塗装品質の安定、作業者の負担軽減、夜間稼働による
生産効率の大幅向上(6・名体制から2名体制へ削減)

Flow

2000年代初頭、人手による塗装作業では品質のばらつきや生産能力の限界が顕在化していました。「人間の手作業では量的に限界がある」と経営陣が判断し、ロボット導入を決意。最初はSIerの支援を受けつつ、塗装ノウハウを自社でロボットに移植する形で活用を開始しました。

その後は自社内にロボット技術を習得できる人材を育成し、日常的なティーチングやメンテナンスを内製化。さらにアドバイザーの支援を受け、従来の塗装だけでなく搬送や物流分野にもロボットを導入しました。現在は10台の塗装ロボット、2台のハンドリングロボット、1台のAGVが稼働しています。

Interview

Q:導入のきっかけは?

A:人手だけでは夜通し作業しても間に合わない。品質も安定せず、このままでは未来がないと感じて導入しました。


Q:導入で苦労した点は?

塗装という“職人技”をロボットに置き換えるのは簡単ではありませんでした。最初は夜を徹してティーチングしながら必死に習得しました。経営者も現場と一緒になってロボットの知識をつけることで、全員で課題を乗り越えることができたと思います。
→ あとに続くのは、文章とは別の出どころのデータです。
Lemma size_mul_succ (p q : P3 k) a c :
  size p = a.+1 -> size q = c.+1 -> size (p * q) = (a + c)%N.+1.
Proof.
move=> sp sq; rewrite size_mul -?size_poly_eq0 ?sp ?sq //.
by rewrite addSn addnS.
Qed.

Lemma sizes3_gmap V a b c :
  sizes3 V a b c -> (b < a + c)%N -> sizes3 (comp3 (gmap k) V) (a + c)%N a c.
Proof.
case=> s1 s2 s3 ltb; rewrite comp3_gmap; split => //=.
by rewrite addrC size_polyDl size_polyN (size_mul_succ s1 s3) // s2 ltnS.
Qed.

Lemma sizes3_ginv V a b c :
  sizes3 V a b c -> (a < b + c)%N -> sizes3 (comp3 (ginv k) V) b (b + c)%N c.
Proof.
case=> s1 s2 s3 lta; rewrite comp3_ginv; split => //=.
by rewrite addrC size_polyDl (size_mul_succ s2 s3) // s1 ltnS.
Qed.

Lemma sizes3_gmap_iter m V a b c : sizes3 V a b c -> (b < a + c)%N -> (0 < c)%N ->
  sizes3 (iter m.+1 (comp3 (gmap k)) V) (a + m.+1 * c)%N (a + m * c)%N c.
Proof.
move=> sV ltb c_gt0; elim: m => [|m IHm].
  by rewrite mul1n mul0n addn0; apply: sizes3_gmap sV _.
rewrite iterS (_ : (a + m.+2 * c = a + m.+1 * c + c)%N); last by lia.
by apply: sizes3_gmap IHm _; lia.
Qed.

Lemma sizes3_ginv_iter m V a b c : sizes3 V a b c -> (a < b + c)%N -> (0 < c)%N ->
  sizes3 (iter m.+1 (comp3 (ginv k)) V) (b + m * c)%N (b + m.+1 * c)%N c.
Proof.
move=> sV lta c_gt0; elim: m => [|m IHm].
  by rewrite mul1n mul0n addn0; apply: sizes3_ginv sV _.
rewrite iterS (_ : (b + m.+2 * c = b + m.+1 * c + c)%N); last by lia.
by apply: sizes3_ginv IHm _; lia.
Qed.

Lemma sizes3_hmap V a b c : sizes3 V a b c -> sizes3 (comp3 (hmap k) V) b c a.
Proof. by case=> s1 s2 s3; rewrite comp3_hmap. Qed.

Lemma sizes3_hinv V a b c : sizes3 V a b c -> sizes3 (comp3 (hinv k) V) c a b.
Proof. by case=> s1 s2 s3; rewrite comp3_hinv. Qed.

Lemma sizes3_fmap m V a b c : sizes3 V a b c -> (0 < a)%N -> (c < a + b)%N ->
  sizes3 (comp3 (fmap m.+1 (gmap k) (hmap k)) V) (b + m.+1 * a)%N (b + m * a)%N a.
Proof.
move=> sV a_gt0 ltc; rewrite /fmap comp3A -/(pow3 _ _) comp3_pow3.
by apply: sizes3_gmap_iter (sizes3_hmap sV) _ _ => //; lia.
Qed.

Lemma sizes3_finv m V a b c : sizes3 V a b c -> (0 < c)%N -> (a < b + c)%N ->
  sizes3 (comp3 (finv k m.+1) V) c (b + m * c)%N (b + m.+1 * c)%N.
Proof.
move=> sV c_gt0 lta; rewrite /finv comp3A -/(pow3 _ _) comp3_pow3.
by apply: sizes3_hinv; exact: (sizes3_ginv_iter m sV lta c_gt0).
Qed.

Definition diag3 : map3 k := mk3 (x1 k) (x1 k) (x1 k).

Lemma sizes3_diag3 : sizes3 diag3 1 1 1.
Proof. by split; rewrite /= size_polyX. Qed.

Definition affine13 (p : P3 k) :=
  exists a b c, p = cst a * x1 k + cst b * x3 k + cst c.

Lemma affine13_affine1 p a b : p = cst a * x1 k + cst b -> affine13 p.
Proof. by move=> ->; exists a, 0, b; congr (_ + _); rewrite cst0_mul addr0. Qed.

Lemma size_diag3_affine13 p : affine13 p -> (size (sub3 p diag3) <= 2)%N.
Proof.
case=> a [b [c ->]].
rewrite !(sub3D, sub3M, sub3_cst, sub3_x1, sub3_x3) /= -mulrDl size_MXaddC.
case: ifP => // _; rewrite ltnS; apply: leq_trans (size_polyD _ _) _.
by rewrite geq_max !size_polyC_leq1.
Qed.

Lemma sizes3_fmap_pow m j : exists a b c,
  [/\ sizes3 (comp3 (pow3 (fmap m.+2 (gmap k) (hmap k)) j) diag3) a b c,
      (0 < a)%N, (c < a + b)%N & (0 < j -> m.+2 <= a)%N].
Proof.
elim: j => [|j [a [b [c [sV a_gt0 ltc _]]]]].
  by exists 1%N, 1%N, 1%N; rewrite comp3_id3l; split => //; exact: sizes3_diag3.
exists (b + m.+2 * a)%N, (b + m.+1 * a)%N, a; split; try nia.
by rewrite pow3S comp3A; exact: sizes3_fmap sV a_gt0 ltc.
Qed.

Lemma sizes3_finv_pow m j : exists a b c,
  [/\ sizes3 (comp3 (pow3 (finv k m.+2) j) diag3) a b c,
      (0 < c)%N, (a < b + c)%N, (0 < j -> m.+2 <= c)%N & (1 < j -> m.+2 <= a)%N].
Proof.
elim: j => [|j [a [b [c [sV c_gt0 lta lec _]]]]].
  by exists 1%N, 1%N, 1%N; rewrite comp3_id3l; split => //; exact: sizes3_diag3.
exists c, (b + m.+1 * c)%N, (b + m.+2 * c)%N; split; try nia.
by rewrite pow3S comp3A; exact: sizes3_finv sV c_gt0 lta.
Qed.

Lemma fmap_pow_c1_not_affine13 m j :
  (0 < j)%N -> ~ affine13 (c1 (pow3 (fmap m.+2 (gmap k) (hmap k)) j)).
Proof.
move=> j_gt0 /size_diag3_affine13.
have [a [b [c [[s1 _ _] _ _ le_a]]]] := sizes3_fmap_pow m j.
by rewrite -c1_comp3 s1; move: (le_a j_gt0); lia.
Qed.

Lemma finv_pow_c1_not_affine13 m j : (1 < j)%N -> ~ affine13 (c1 (pow3 (finv k m.+2) j)).
Proof.
move=> j_gt1 /size_diag3_affine13.
have [a [b [c [[s1 _ _] _ _ _ le_a]]]] := sizes3_finv_pow m j.
by rewrite -c1_comp3 s1; move: (le_a j_gt1); lia.
Qed.

Lemma finv_pow_c3_not_affine13 m j : (0 < j)%N -> ~ affine13 (c3 (pow3 (finv k m.+2) j)).
Proof.
move=> j_gt0 /size_diag3_affine13.
have [a [b [c [[_ _ s3] _ _ le_c _]]]] := sizes3_finv_pow m j.
by rewrite -c3_comp3 s3; move: (le_c j_gt0); lia.
Qed.

End Degrees.

Lemma Z_div2_even_inj (a a' : Z) :
  Z.div a 2 = Z.div a' 2 -> Z.even a = Z.even a' -> a = a'.
Proof.
move=> eq_div eq_even; have := Zmod_even a; have := Zmod_even a'.
by rewrite eq_even; have := Z.div_mod a 2; have := Z.div_mod a' 2; lia.
Qed.

Section Trajectory.
Variables (k : fieldType) (m : nat) (g h : map3 k).
Hypotheses (hg1 : comp3 g (ginv k) = id3 k) (hg2 : comp3 (ginv k) g = id3 k)
  (hh1 : comp3 h (hinv k) = id3 k) (hh2 : comp3 (hinv k) h = id3 k).

Local Notation f := (fmap m.+2 g h).
Local Notation fi := (finv k m.+2).
Local Notation fpow := (fpowZ m.+2 g h).

Lemma g_gmap : g = gmap k. Proof. exact: left_inverse_eq hg1 (ginv_gmap k). Qed.
Lemma h_hmap : h = hmap k. Proof. exact: left_inverse_eq hh1 (hinv_hmap k). Qed.

Lemma fmap_finv : comp3 f fi = id3 k.
Proof.
rewrite /fmap /finv comp3A -(comp3A h) hh1 comp3_id3l.
exact: (pow3_comp3_inv m.+2 hg1).
Qed.

Lemma finv_fmap : comp3 fi f = id3 k.
Proof.
rewrite /fmap /finv comp3A -(comp3A (iter _ _ _)) (pow3_comp3_inv m.+2 hg2).
by rewrite comp3_id3l hh2.
Qed.

Lemma fpowZD (a b : Z) : comp3 (fpow a) (fpow b) = fpow (a + b).
Proof. exact: zpow3D fmap_finv finv_fmap a b. Qed.

Lemma fpowZ_neq0 (z : Z) : z <> Z0 ->
  exists2 j, (0 < j)%N & fpow z = pow3 f j \/ fpow z = pow3 fi j.
Proof.
move=> z_neq0; rewrite /fpowZ; case: (Z.leb_spec 0 z) => z_ge0.
  by exists (Z.to_nat z); [lia | left].
by exists (Z.to_nat (- z)); [lia | right].
Qed.

Lemma fpowZ_c1_affine1 z a b : c1 (fpow z) = cst a * x1 k + cst b -> z = Z0.
Proof.
move=> E; case: (Z.eq_dec z 0) => // /fpowZ_neq0 [j j_gt0].
rewrite g_gmap h_hmap in E * => -[] fz; rewrite fz in E.
  by case: (fmap_pow_c1_not_affine13 j_gt0 (affine13_affine1 E)).
case: (ltngtP j 1) => [|j_gt1|j1]; first by lia.
  by case: (finv_pow_c1_not_affine13 j_gt1 (affine13_affine1 E)).
by move: E; rewrite j1 /pow3 /= comp3_id3r c1_finv => /x3_neq_affine1.
Qed.

Lemma fpowZ_affine13 z : affine13 (c1 (fpow z)) -> affine13 (c3 (fpow z)) -> z = Z0.
Proof.
move=> aff1 aff3; case: (Z.eq_dec z 0) => // /fpowZ_neq0 [j j_gt0].
rewrite g_gmap h_hmap in aff1 aff3 * => -[] fz; rewrite fz in aff1 aff3.
  by case: (fmap_pow_c1_not_affine13 j_gt0 aff1).
by case: (finv_pow_c3_not_affine13 j_gt0 aff3).
Qed.

Lemma sub3_c1c3_fpowZ_opp u : sub3 (c1 (fpow u)) (fpow (- u)) = x1 k /\
  sub3 (c3 (fpow u)) (fpow (- u)) = x3 k.
Proof. by rewrite -c1_comp3 -c3_comp3 fpowZD Z.add_opp_diag_r. Qed.

Lemma vert_eq_c1_fpowZ u v : vert_eq [:: c1 (fpow u)] [:: c1 (fpow v)] -> u = v.
Proof.
case=> _ [A [b [_ /(_ ord0)]]]; rewrite big_ord1 /= => E.
have /fpowZ_c1_affine1 : c1 (fpow (v - u)) = cst (A ord0 ord0) * x1 k + cst (b ord0).
  rewrite -Z.add_opp_r -fpowZD c1_comp3 E sub3D sub3M !sub3_cst.
  by case: (sub3_c1c3_fpowZ_opp u) => ->.
lia.
Qed.

Lemma vert_eq_c1c3_fpowZ u v :
  vert_eq [:: c1 (fpow u); c3 (fpow u)] [:: c1 (fpow v); c3 (fpow v)] -> u = v.
Proof.
case=> _ [A [b [_ E]]].
have aff (p : P3 k) i : p = \sum_(j < 2) cst (A i j) * nth 0 [:: c1 (fpow u); c3 (fpow u)] j
    + cst (b i) -> affine13 (sub3 p (fpow (- u))).
  move=> ->; exists (A i ord0), (A i (lift ord0 ord0)), (b i).
  rewrite big_ord_recl big_ord1 !(sub3D, sub3M, sub3_cst) /=.
  by case: (sub3_c1c3_fpowZ_opp u) => -> ->.
have aff1 : affine13 (c1 (fpow (v - u))).
  by rewrite -Z.add_opp_r -fpowZD c1_comp3; apply: aff (E ord0).
have aff3 : affine13 (c3 (fpow (v - u))).
  by rewrite -Z.add_opp_r -fpowZD c3_comp3; apply: aff (E (lift ord0 ord0)).
by have := fpowZ_affine13 aff1 aff3; lia.
Qed.

Lemma gvert_inj a a' : vert_eq (gvert m.+2 g h a) (gvert m.+2 g h a') -> a = a'.
Proof.
rewrite /gvert /act; have := @Z_div2_even_inj a a'.
case: (Z.even a) (Z.even a') => -[] /= div2_even_inj;
  rewrite ?sub3_x1 ?sub3_x3; try by case. (* different parities: lengths differ *)
- by move/vert_eq_c1_fpowZ => eq_div; apply: div2_even_inj; lia.
- by move/vert_eq_c1c3_fpowZ => eq_div; apply: div2_even_inj; lia.
Qed.

End Trajectory.

Theorem corollary7p5 (k : fieldType) (char0 : [pchar k] =i pred0)
  (n : nat) (hn : (3 <= n)%N)
  (g h : map3 k)
  (hg1 : comp3 g (ginv k) = id3 k) (hg2 : comp3 (ginv k) g = id3 k)
  (hh1 : comp3 h (hinv k) = id3 k) (hh2 : comp3 (hinv k) h = id3 k) :
  forall s s' : R, point_eq (gamma n g h s) (gamma n g h s') -> s = s'.
Proof.
have [m ->] : exists m, n = m.+2 by exists n.-2; lia.
have gvert_inj := gvert_inj hg1 hg2 hh1 hh2.
move=> s s'; rewrite /gamma.
case: (Req_EM_T (s - IZR (Int_part s)) 0) => frac_s;
  case: (Req_EM_T (s' - IZR (Int_part s')) 0) => frac_s' //=.
- by move/gvert_inj => eq_int; rewrite eq_int in frac_s; lra.
- case=> [[/gvert_inj eq_int [_ eq_frac]] | [/gvert_inj eq_int1 [/gvert_inj eq_int2 _]]].
    by rewrite eq_int in eq_frac; lra.
  by lia.
Qed.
また、アドバイザーに相談することで「どう搬送すれば効率的か。」「塗装と組み合わせる新しい方法はないか。」といった発想が広がりました。多様な知見を持つアドバイザーの助言は、ロボット導入の構想を形にする大きな後押しになりました。


Q:ロボット導入効果は?

導入によって、人手をより生産性の高い作業に振り向けられる様になりました。ロボットが塗装を担うことで現場の負担が軽減され、効率的に生産できる体制が整っています。

さらに、「ロボットを使って安定した品質で塗装している」という点をホームページなどで発信することで、品質が高いと評価いただく機会が増え、受注の拡大にも繋がっています。


Q:これから導入を考える企業へのアドバイスは?

機械に苦手意識を持つ企業も多いと思いますが、これからはロボットや自動化に取り組まなければ、企業としての将来は厳しいと感じています。

まずは『ロボットにはどんなメリットがあり、何ができるのか』を知ることが出発点です。ここが理解できていないと、せっかく導入しても使われなくなってしまいます。

経営者自身が導入の意義を理解し、『自社は何を解決したいのか』を考えた上で、アドバイザーに相談しながらカタチにしていくことが大切です。逃げずに一歩踏み出すことが、企業の未来を拓く第一歩だと思います。


<今後の展望>

現在は塗装・搬送の自動化に加え、AGVを用いた物流工程の省人化に取り組んでいます。将来的にはパレット積みまで含めた工場全体の自動化を目指し、「人は監視や管理に集中し、現場はロボットが担う」工場の実現を見据えています。